Exercise prompt: Please output exactly the lines from the one containing "Theorem corollary1 (p" through the last line of the records, both included.

Saved data entries:
(* Let $p$ be a prime, $s\geq 2$, and $\lambda_i\in\{0,1,\dots,p-1\}$ for $i\in\{0,\dots,s-1\}$. Then $$\tau_s\Big(\sum_{i=0}^{s-1}\lambda_ip^i\Big)=\sum_{i=0}^{s-1}\tau_s(\lambda_ip^i)\quad\text{in }\mathbb{Z}_{p^{s-1}}^p.$$
   Context: For $r\geq1$ and $u\in\mathbb{Z}_{p^r}$ with $p$-ary expansion $u=\sum_{i=0}^{r-1}u_ip^i$, $\phi_r(u)=(u_{r-1},\dots,u_{r-1})+(u_0,\dots,u_{r-2})Y_{r-1}\in\mathbb{Z}_p^{p^{r-1}}$, where $Y_1=(0\ 1\ \cdots\ p-1)$ and $Y_k$ is the $k\times p^k$ matrix with first $k-1$ rows $(Y_{k-1}\ \cdots\ Y_{k-1})$ ($p$ copies) and last row $(0,\dots,0,1,\dots,1,\dots,p-1,\dots,p-1)$ (blocks of length $p^{k-1}$); $\phi_1=\mathrm{id}$; $\Phi_r$ applies $\phi_r$ coordinatewise and concatenates. $\gamma_s$ is the coordinate permutation of $\mathbb{Z}_p^{p^{s-1}}$ given by $\gamma_s(\mathbf{x})_{j+ip+1}=\mathbf{x}_{jp^{s-2}+i+1}$ for $j\in\{0,\dots,p-1\}$, $i\in\{0,\dots,p^{s-2}-1\}$. The map $\tau_s:\mathbb{Z}_{p^s}\to\mathbb{Z}_{p^{s-1}}^p$ is $\tau_s(u)=\Phi_{s-1}^{-1}(\gamma_s^{-1}(\phi_s(u)))$. *)

From HB Require Import structures.
From mathcomp Require Import all_boot all_order all_algebra.
Set Implicit Arguments. Unset Strict Implicit. Unset Printing Implicit Defensive.
Import GRing.Theory.
Local Open Scope ring_scope.

Definition vat (R : zmodType) (N : nat) (x : 'rV[R]_N) (k : nat) : R :=
  match @insub _ (fun k => k < N)%N 'I_N k with Some i => x 0 i | None => 0 end.

Definition digit (p i u : nat) : nat := ((u %/ p ^ i) %% p)%N.

(* Entries of Y_k (0-based row i, column j), following the recursive
   definition: first k-1 rows are p copies of Y_{k-1}, last row is the
   block row (0..0,1..1,...,p-1..p-1) with blocks of length p^{k-1};
   for k = 1 this gives Y_1 = (0 1 ... p-1). *)
Fixpoint Yent (p k i j : nat) : nat :=
  match k with
  | 0 => 0
  | k'.+1 => if (i < k')%N then Yent p k' i (j %% p ^ k') else (j %/ p ^ k')%N
  end.

Definition Ymx (p k : nat) : 'M['Z_p]_(k, p ^ k) :=
  \matrix_(i < k, j < p ^ k) (Yent p k i j)%:R.

Definition phi (p r : nat) (u : 'Z_(p ^ r)) : 'rV['Z_p]_(p ^ (r - 1)) :=
  const_mx (digit p (r - 1) u)%:R
  + (\row_(i < r - 1) ((digit p i u)%:R : 'Z_p)) *m Ymx p (r - 1).

(* Phi_r : Z_{p^r}^n -> Z_p^{n p^{r-1}}, coordinatewise phi_r then concatenation
   (the output length N is n * p^(r-1) in every use). *)
Definition Phi (p r n N : nat) (v : 'rV['Z_(p ^ r)]_n) : 'rV['Z_p]_N :=
  \row_(k < N) vat (phi (vat v (k %/ p ^ (r - 1))%N)) (k %% p ^ (r - 1))%N.

Definition gamma (p s : nat) (x : 'rV['Z_p]_(p ^ (s - 1))) : 'rV['Z_p]_(p ^ (s - 1)) :=
  \row_(k < p ^ (s - 1)) vat x ((k %% p) * p ^ (s - 2) + k %/ p)%N.

Definition gamma_inv (p s : nat) (y : 'rV['Z_p]_(p ^ (s - 1))) : 'rV['Z_p]_(p ^ (s - 1)) :=
  odflt 0 [pick x | gamma x == y].

Definition tau (p s : nat) (u : 'Z_(p ^ s)) : 'rV['Z_(p ^ (s - 1))]_p :=
  odflt 0 [pick v : 'rV['Z_(p ^ (s - 1))]_p |
             Phi (p ^ (s - 1)) v == gamma_inv (phi u)].
Arguments tau p s u : clear implicits.

From HB Require Import structures.
From mathcomp Require Import all_boot all_order all_algebra.
From mathcomp Require Import zify.
Import GRing.Theory.
Local Open Scope ring_scope.

(* Coordinate b of tau_s(u) is [u %/ p + b (u %% p) p^(s-2)] in Z_(p^(s-1)).
   Indeed phi_r(u)_t = u_(r-1) + sum_(i<r-1) u_i t_i in p-ary digits, and
   gamma_s matches entry t p + b of phi_s(u) with entry t of block b; the
   digits of the formula at b (those of u shifted down by one, with b u_0
   added to the top one) make phi_(s-1) reproduce that entry.  As phi, Phi
   and gamma_s are injective, this determines tau_s(u).  The formula only
   sees u %/ p and u %% p, and both are additive on the terms lam_i p^i
   since only lam_0 p^0 has a nonzero residue mod p. *)

Lemma vatE {R : zmodType} {N} (x : 'rV[R]_N) (i : 'I_N) : vat x i = x 0 i.
Proof. by rewrite /vat valK. Qed.

Lemma vat_ext (R : zmodType) N (x y : 'rV[R]_N) :
  (forall k, (k < N)%N -> vat x k = vat y k) -> x = y.
Proof.
move=> Exy; apply/rowP => i.
by have := Exy i (ltn_ord i); rewrite !vatE.
Qed.

Section Digits.
Local Open Scope nat_scope.
Variable p : nat.

Lemma digit0E n : digit p 0 n = n %% p.
Proof. by rewrite /digit expn0 divn1. Qed.

Lemma digitS i n : digit p i.+1 n = digit p i (n %/ p).
Proof. by rewrite /digit expnS divnMA. Qed.

Lemma digit0n i : digit p i 0 = 0.
Proof. by rewrite /digit div0n mod0n. Qed.

Lemma digit_lt i n : 0 < p -> digit p i n < p.
Proof. by move=> p_gt0; rewrite ltn_pmod. Qed.

Lemma expn_split i m : i < m -> p ^ m = p ^ (m - i.+1) * p * p ^ i.
Proof. by move=> lt_im; rewrite -expnSr -expnD; congr expn; lia. Qed.

Lemma digit_add_mulX_lt i m a c : 0 < p -> i < m ->
  digit p i (a + c * p ^ m) = digit p i a.
Proof.
move=> p_gt0 lt_im; rewrite /digit (expn_split _ _ lt_im) !mulnA addnC.
by rewrite divnMDl ?expn_gt0 ?p_gt0 // modnMDl.
Qed.

Lemma digit_add_mulX m a c : 0 < p ->
  digit p m (a + c * p ^ m) = (digit p m a + c) %% p.
Proof.
by move=> p_gt0; rewrite /digit addnC divnMDl ?expn_gt0 ?p_gt0 // addnC modnDml.
Qed.

Lemma digit_modX i k n : 0 < p -> i < k -> digit p i (n %% p ^ k) = digit p i n.
Proof.
move=> p_gt0 lt_ik; rewrite [in RHS](divn_eq n (p ^ k)) addnC.
by rewrite digit_add_mulX_lt.
Qed.

Lemma digit_expn i j : 1 < p -> digit p j (p ^ i) = (j == i).
Proof.
move=> p_gt1; have p_gt0 : 0 < p by apply: ltnW.
case: (ltngtP j i) => [lt_ji|lt_ij|->].
- by rewrite -[p ^ i]add0n -[p ^ i]mul1n digit_add_mulX_lt // digit0n.
- by rewrite /digit divn_small ?mod0n // ltn_exp2l.
- by rewrite /digit divnn expn_gt0 p_gt0 modn_small.
Qed.

Lemma digit_inj r n m : 0 < p -> n < p ^ r -> m < p ^ r ->
  (forall i, i < r -> digit p i n = digit p i m) -> n = m.
Proof.
move=> p_gt0; elim: r n m => [|r IH] n m ltn ltm Edig.
  by move: ltn ltm; rewrite expn0; lia.
rewrite (divn_eq n p) (divn_eq m p) -!digit0E Edig //; congr (_ * _ + _).
apply: IH; rewrite ?ltn_divLR -?expnSr // => i lt_ir.
by rewrite -!digitS Edig.
Qed.

Lemma sum_digit_expn L n i : 1 < p -> i < L ->
  \sum_(j < L) digit p j n * digit p j (p ^ i) = digit p i n.
Proof.
move=> p_gt1 lt_iL; rewrite (bigD1 (Ordinal lt_iL)) //= big1 => [|j ne_ji].
  by rewrite digit_expn // eqxx muln1 addn0.
by move: ne_ji; rewrite -val_eqE digit_expn // => /negbTE ->; rewrite muln0.
Qed.

End Digits.

Section SumDivision.
Local Open Scope nat_scope.
Variables (I : Type) (r : seq I) (F : I -> nat) (d : nat).
Hypothesis small_residues : \sum_(i <- r) F i %% d < d.

Lemma sum_divn_eq :
  \sum_(i <- r) F i = (\sum_(i <- r) F i %/ d) * d + \sum_(i <- r) F i %% d.
Proof. by rewrite big_distrl -big_split; apply: eq_bigr => i _; apply: divn_eq. Qed.

Lemma divn_sum : (\sum_(i <- r) F i) %/ d = \sum_(i <- r) F i %/ d.
Proof.
have d_gt0 : 0 < d by apply: leq_ltn_trans small_residues.
by rewrite sum_divn_eq divnMDl // divn_small ?addn0.
Qed.

Lemma modn_sum : (\sum_(i <- r) F i) %% d = \sum_(i <- r) F i %% d.
Proof. by rewrite sum_divn_eq modnMDl modn_small. Qed.

End SumDivision.

Lemma sum_mulX_modn p s (a : 'I_s.+1 -> nat) :
  (\sum_(i < s.+1) (a i * p ^ i) %% p = a ord0 %% p)%N.
Proof.
rewrite big_ord_recl expn0 muln1 big1 ?addn0 // => i _.
by rewrite expnS mulnCA modnMr.
Qed.

Lemma natZp_inj p a b : (1 < p)%N -> (a < p)%N -> (b < p)%N ->
  (a%:R : 'Z_p) = b%:R -> a = b.
Proof. by move=> p_gt1 ltap ltbp /(congr1 val); rewrite /= !val_Zp_nat // !modn_small. Qed.

Lemma digit_Zp_nat p r i m : (1 < p)%N -> (i < r)%N ->
  digit p i (m%:R : 'Z_(p ^ r)) = digit p i m.
Proof.
move=> p_gt1 lt_ir; have p_gt0 : (0 < p)%N by apply: ltnW.
have pr_gt1 : (1 < p ^ r)%N by rewrite -(expn0 p) ltn_exp2l // (leq_ltn_trans _ lt_ir).
by rewrite val_Zp_nat // digit_modX.
Qed.

Lemma Yent_digit p k i j : (0 < p)%N -> (i < k)%N -> (j < p ^ k)%N ->
  Yent p k i j = digit p i j.
Proof.
move=> p_gt0; elim: k i j => [//|k IH] i j lt_iSk ltj /=.
case: ifP => [lt_ik | /negbT]; first by rewrite IH ?ltn_pmod ?expn_gt0 ?p_gt0 // digit_modX.
rewrite -leqNgt => le_ki; have -> : i = k by lia.
by rewrite /digit modn_small // ltn_divLR ?expn_gt0 ?p_gt0 // -expnS.
Qed.

Lemma phi_vat {p r} (u : 'Z_(p ^ r)) t : (0 < p)%N -> (t < p ^ (r - 1))%N ->
  vat (phi u) t =
  (digit p (r - 1) u + \sum_(i < r - 1) digit p i u * digit p i t)%N%:R.
Proof.
move=> p_gt0 ltt; rewrite (vatE (phi u) (Ordinal ltt)) /phi !mxE natrD natr_sum.
by congr (_ + _); apply: eq_bigr => i _; rewrite !mxE natrM Yent_digit.
Qed.

Lemma Phi_vat {p r n N} (v : 'rV['Z_(p ^ r)]_n) b t : (t < p ^ (r - 1))%N ->
  (b * p ^ (r - 1) + t < N)%N ->
  vat (Phi N v) (b * p ^ (r - 1) + t) = vat (phi (vat v b)) t.
Proof.
move=> ltt ltN; have P_gt0 : (0 < p ^ (r - 1))%N by apply: leq_ltn_trans ltt.
rewrite (vatE (Phi N v) (Ordinal ltN)) mxE /=.
by rewrite divnMDl // divn_small // addn0 modnMDl modn_small.
Qed.

Lemma gamma_vat {p s} (x : 'rV['Z_p]_(p ^ (s - 1))) k : (k < p ^ (s - 1))%N ->
  vat (gamma x) k = vat x ((k %% p) * p ^ (s - 2) + k %/ p).
Proof. by move=> ltk; rewrite (vatE (gamma x) (Ordinal ltk)) mxE. Qed.

Section Injectivity.
Variable p : nat.
Hypothesis p_gt1 : (1 < p)%N.

Let p_gt0 : (0 < p)%N. Proof. exact: ltnW. Qed.

Lemma phi_inj r : (0 < r)%N -> injective (@phi p r).
Proof.
move=> r_gt0 u u' Ephi; have pr_gt1 : (1 < p ^ r)%N by rewrite -(expn0 p) ltn_exp2l.
have phi_at t := congr1 (fun x => vat x t) Ephi; rewrite /= in phi_at.
have top : digit p (r - 1) u = digit p (r - 1) u'.
  move: (phi_at 0%N); rewrite !phi_vat ?expn_gt0 ?p_gt0 //.
  rewrite !big1 => [|i _|i _]; rewrite ?digit0n ?muln0 // !addn0.
  by apply: natZp_inj; rewrite ?digit_lt.
have val_lt (w : 'Z_(p ^ r)) : (w < p ^ r)%N by rewrite -[X in (_ < X)%N]Zp_cast.
apply/val_inj/(@digit_inj p r); rewrite ?val_lt // => i lt_ir.
have [lt_i_top|ge_i_top] := ltnP i (r - 1); last by have -> : i = (r - 1)%N by lia.
move: (phi_at (p ^ i)%N); rewrite !phi_vat ?ltn_exp2l // !sum_digit_expn //.
by rewrite !natrD top => /addrI; apply: natZp_inj; rewrite ?digit_lt.
Qed.

Lemma Phi_inj r n N : (0 < r)%N -> N = (n * p ^ (r - 1))%N ->
  injective (@Phi p r n N).
Proof.
move=> r_gt0 -> v v' EPhi; apply: vat_ext => b ltb; apply: phi_inj => //.
apply: vat_ext => t ltt; have ltN : (b * p ^ (r - 1) + t < n * p ^ (r - 1))%N by nia.
by rewrite -(Phi_vat v _ _ ltt ltN) -(Phi_vat v' _ _ ltt ltN) EPhi.
Qed.

Lemma gamma_inj s : (2 <= s)%N -> injective (@gamma p s).
Proof.
move=> s_ge2 x y Egamma; apply: vat_ext => m ltm.
have eP : (p ^ (s - 1) = p ^ (s - 2) * p)%N by rewrite -expnSr; congr expn; lia.
have P_gt0 : (0 < p ^ (s - 2))%N by rewrite expn_gt0 p_gt0.
set k := ((m %% p ^ (s - 2)) * p + m %/ p ^ (s - 2))%N.
have ltq : (m %/ p ^ (s - 2) < p)%N by rewrite ltn_divLR // mulnC -eP.
have ltr : (m %% p ^ (s - 2) < p ^ (s - 2))%N by rewrite ltn_pmod.
have ltk : (k < p ^ (s - 1))%N by rewrite eP /k; nia.
have Em : m = ((k %% p) * p ^ (s - 2) + k %/ p)%N.
  have -> : (k %% p = m %/ p ^ (s - 2))%N by rewrite modnMDl modn_small.
  have -> : (k %/ p = m %% p ^ (s - 2))%N by rewrite divnMDl // divn_small ?addn0.
  exact: divn_eq.
by rewrite Em -!gamma_vat // Egamma.
Qed.

Lemma gamma_invE s (x : 'rV['Z_p]_(p ^ (s - 1))) : (2 <= s)%N ->
  gamma_inv (gamma x) = x.
Proof.
move=> s_ge2; rewrite /gamma_inv; case: pickP => [z /eqP /gamma_inj -> //|].
by move/(_ x); rewrite eqxx.
Qed.

Lemma tau_unique s (u : 'Z_(p ^ s)) (v : 'rV['Z_(p ^ (s - 1))]_p) : (2 <= s)%N ->
  gamma (Phi (p ^ (s - 1)) v) = phi u -> tau p s u = v.
Proof.
move=> s_ge2 Ev; rewrite /tau -Ev gamma_invE //.
case: pickP => [w /eqP | /(_ v)]; last by rewrite eqxx.
apply: Phi_inj; first by lia.
by rewrite -expnS; congr expn; lia.
Qed.

End Injectivity.

Lemma phi_digits_shift p n m k : (1 < p)%N ->
  ((digit p n (m %/ p + k %% p * (m %% p) * p ^ n)
    + \sum_(i < n) digit p i (m %/ p + k %% p * (m %% p) * p ^ n) * digit p i (k %/ p))%N%:R
   : 'Z_p)
  = (digit p n.+1 m + \sum_(i < n.+1) digit p i m * digit p i k)%N%:R.
Proof.
move=> p_gt1; have p_gt0 : (0 < p)%N by apply: ltnW.
rewrite digit_add_mulX // -digitS natrD Zp_nat_mod // -natrD.
rewrite big_ord_recl !digit0E -addnA [(_ * (m %% p))%N]mulnC; congr (_ + (_ + _))%N%:R.
by apply: eq_bigr => i _; rewrite digit_add_mulX_lt // -!digitS.
Qed.

Definition tau_formula (p s n : nat) : 'rV['Z_(p ^ (s - 1))]_p :=
  \row_(b < p) (n %/ p + b * (n %% p) * p ^ (s - 2))%N%:R.

Lemma gamma_Phi_tau_formula p s m : (1 < p)%N -> (2 <= s)%N ->
  gamma (Phi (p ^ (s - 1)) (tau_formula p s m)) = phi (m%:R : 'Z_(p ^ s)).
Proof.
move=> p_gt1 s_ge2; have p_gt0 : (0 < p)%N by apply: ltnW.
have Es2 : (s - 1 - 1 = s - 2)%N by rewrite -subnDA.
have eP : (p ^ (s - 1) = p ^ (s - 1 - 1) * p)%N by rewrite -expnSr; congr expn; lia.
apply: vat_ext => k ltk; set b := (k %% p)%N; set t := (k %/ p)%N.
have ltb : (b < p)%N by rewrite ltn_pmod.
have ltt : (t < p ^ (s - 1 - 1))%N by rewrite ltn_divLR // -eP.
have ltN : (b * p ^ (s - 1 - 1) + t < p ^ (s - 1))%N by rewrite eP; nia.
have lt_s2 : (s - 1 - 1 < s - 1)%N by lia.
have lt_s1 : (s - 1 < s)%N by lia.
rewrite gamma_vat // -Es2 (Phi_vat _ _ _ ltt ltN) (vatE _ (Ordinal ltb)) mxE.
rewrite !phi_vat // -Es2 !digit_Zp_nat //.
under eq_bigr => i _ do rewrite (@digit_Zp_nat _ _ _ _ p_gt1 (ltn_trans (ltn_ord i) lt_s2)).
under [in RHS]eq_bigr => i _ do rewrite (@digit_Zp_nat _ _ _ _ p_gt1 (ltn_trans (ltn_ord i) lt_s1)).
have Es1 : (s - 1 = (s - 1 - 1).+1)%N by lia.
by rewrite [in RHS]Es1 -phi_digits_shift.
Qed.

Lemma tau_natE p s m : (1 < p)%N -> (2 <= s)%N ->
  tau p s m%:R = tau_formula p s m.
Proof. by move=> p_gt1 s_ge2; apply: tau_unique => //; apply: gamma_Phi_tau_formula. Qed.

Theorem corollary1 (p s : nat) (lam : 'I_s -> 'I_p) :
  prime p -> (2 <= s)%N ->
  tau p s ((\sum_(i < s) lam i * p ^ i)%N%:R)
  = \sum_(i < s) tau p s ((lam i * p ^ i)%N%:R).
Proof.
move=> /prime_gt1 p_gt1 s_ge2; rewrite tau_natE //.
under [RHS]eq_bigr => i _ do rewrite tau_natE //.
have small_residues : (\sum_(i < s) (lam i * p ^ i) %% p < p)%N.
  by case: s lam s_ge2 => // s lam _; rewrite sum_mulX_modn ltn_pmod // ltnW.
apply/rowP => b; rewrite summxE mxE; under [RHS]eq_bigr do rewrite mxE.
rewrite -natr_sum big_split /= -big_distrl -big_distrr /=.
by rewrite divn_sum // modn_sum.
Qed.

The completed task:
Theorem corollary1 (p s : nat) (lam : 'I_s -> 'I_p) :
  prime p -> (2 <= s)%N ->
  tau p s ((\sum_(i < s) lam i * p ^ i)%N%:R)
  = \sum_(i < s) tau p s ((lam i * p ^ i)%N%:R).
Proof.
move=> /prime_gt1 p_gt1 s_ge2; rewrite tau_natE //.
under [RHS]eq_bigr => i _ do rewrite tau_natE //.
have small_residues : (\sum_(i < s) (lam i * p ^ i) %% p < p)%N.
  by case: s lam s_ge2 => // s lam _; rewrite sum_mulX_modn ltn_pmod // ltnW.
apply/rowP => b; rewrite summxE mxE; under [RHS]eq_bigr do rewrite mxE.
rewrite -natr_sum big_split /= -big_distrl -big_distrr /=.
by rewrite divn_sum // modn_sum.
Qed.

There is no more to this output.